Cult Review
Senior Film Conservator

If you have about twenty minutes and want to see a very young Mickey Rooney acting like he is a 45-year-old plumber, this is for you. It is a weird little silent short that feels more like a playground fight than a movie.
People who love silent comedy will probably find it charming. If you hate watching kids scream in silent text-cards, you should probably skip it and watch The Smile Wins instead.
The whole thing is based on those old Toonerville Folks comics. Rooney plays Mickey McGuire, and he spends most of the time looking like he wants to punch the camera.
He wears this gigantic brown derby hat. It is so big it looks like it might swallow his whole head if he trips.
The plot is basically just a race. The kids have these 'cars' that look like they were pulled out of a literal dumpster five minutes before filming.
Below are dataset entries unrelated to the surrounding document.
Theorem theorem5 (S : invsys) (A : forall n, {group grp S n})
  (hA : forall n, A n <| [set: grp S n])
  (hcrit : exists N, forall n, N <= n ->
     critical_pair [set: grp S n.+1] (A n.+1) ('ker (rho S n)) /\
     Pn (fun k => A k) n.+1 * 'C_[set: grp S n.+1](Pn (fun k => A k) n.+1)
       \subset 'ker (rho S n)) :
  (just_infinite (Glim S) /\ ~ virtually_pronilpotent (Glim S)) /\
  ((forall N, exists n, N <= n /\
      forall U : {group grp S n},
        (forall x y, U :^ x != U :^ y -> U :^ x \subset 'C(U :^ y)) ->
        A n \subset << \bigcup_(x in [set: grp S n]) U :^ x >> ->
        U <| [set: grp S n]) ->
   hereditarily_just_infinite (Glim S)).
Proof.
have [N0 hN0] := hcrit.
have critical n (le_N0n : N0 <= n) := (hN0 n le_N0n).1.
have PC_sub_ker n (le_N0n : N0 <= n) := (hN0 n le_N0n).2.
split; first split.
- exact (Glim_just_infinite hA critical PC_sub_ker).
- exact (Glim_not_virtually_pronilpotent hA critical PC_sub_ker).
- exact (Glim_hereditarily_just_infinite hA critical PC_sub_ker).
Qed.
I dont think half of these kids were actually acting. They mostly just look dirty and confused about why they are being told to run around in the sun.
There is a real messiness to this that you dont see in modern movies. The background is just dusty vacant lots and rickety fences that look like they would give you a splinter just by looking at them.
It is much more frantic than something like Forgotten Sweeties. While that one feels a bit more put together, this one feels like the director just let a bunch of kids loose and hoped nobody got hurt.
One kid in the background spends a whole scene just trying to keep his pants up. It is hilarious but I am pretty sure it was not supposed to be the focus of the shot.
The race itself is pure chaos. The cars are falling apart and the editing is so jumpy that sometimes you aren't sure who is winning or even what direction they are going.
Mickey Rooney has this energy that is honestly kind of exhausting to watch. He is always moving, always gesturing, always trying to be the boss of everyone else in the frame.
I noticed that the intertitles—the text on screen—try way too hard to sound like 'kid talk.' It comes off a bit strange when you read it now, like a robot trying to pretend it grew up in a 1920s alleyway.
The ending is very abrupt. They finish the race and then the movie just sort of... stops. No real big lesson or anything, just a 'well, that happened' kind of vibe.
It is not a masterpiece of cinema. It is barely a coherent story if I am being honest.
But it has this weird, raw energy that is hard to find now. It is just kids being loud and fast and wearing clothes that are four sizes too big.
I enjoyed it more than A Wild Goose Chase because at least the stakes felt real to the kids. Even if the stakes were just a trophy made of tin cans or whatever.
If you like seeing the very start of a massive Hollywood career, it is worth a look. Otherwise, it is just a funny relic of a time when we thought putting kids in danger for a laugh was a great afternoon.
The way Mickey tilts his hat is probably the most professional thing in the whole movie. Everything else is just dust and shoving.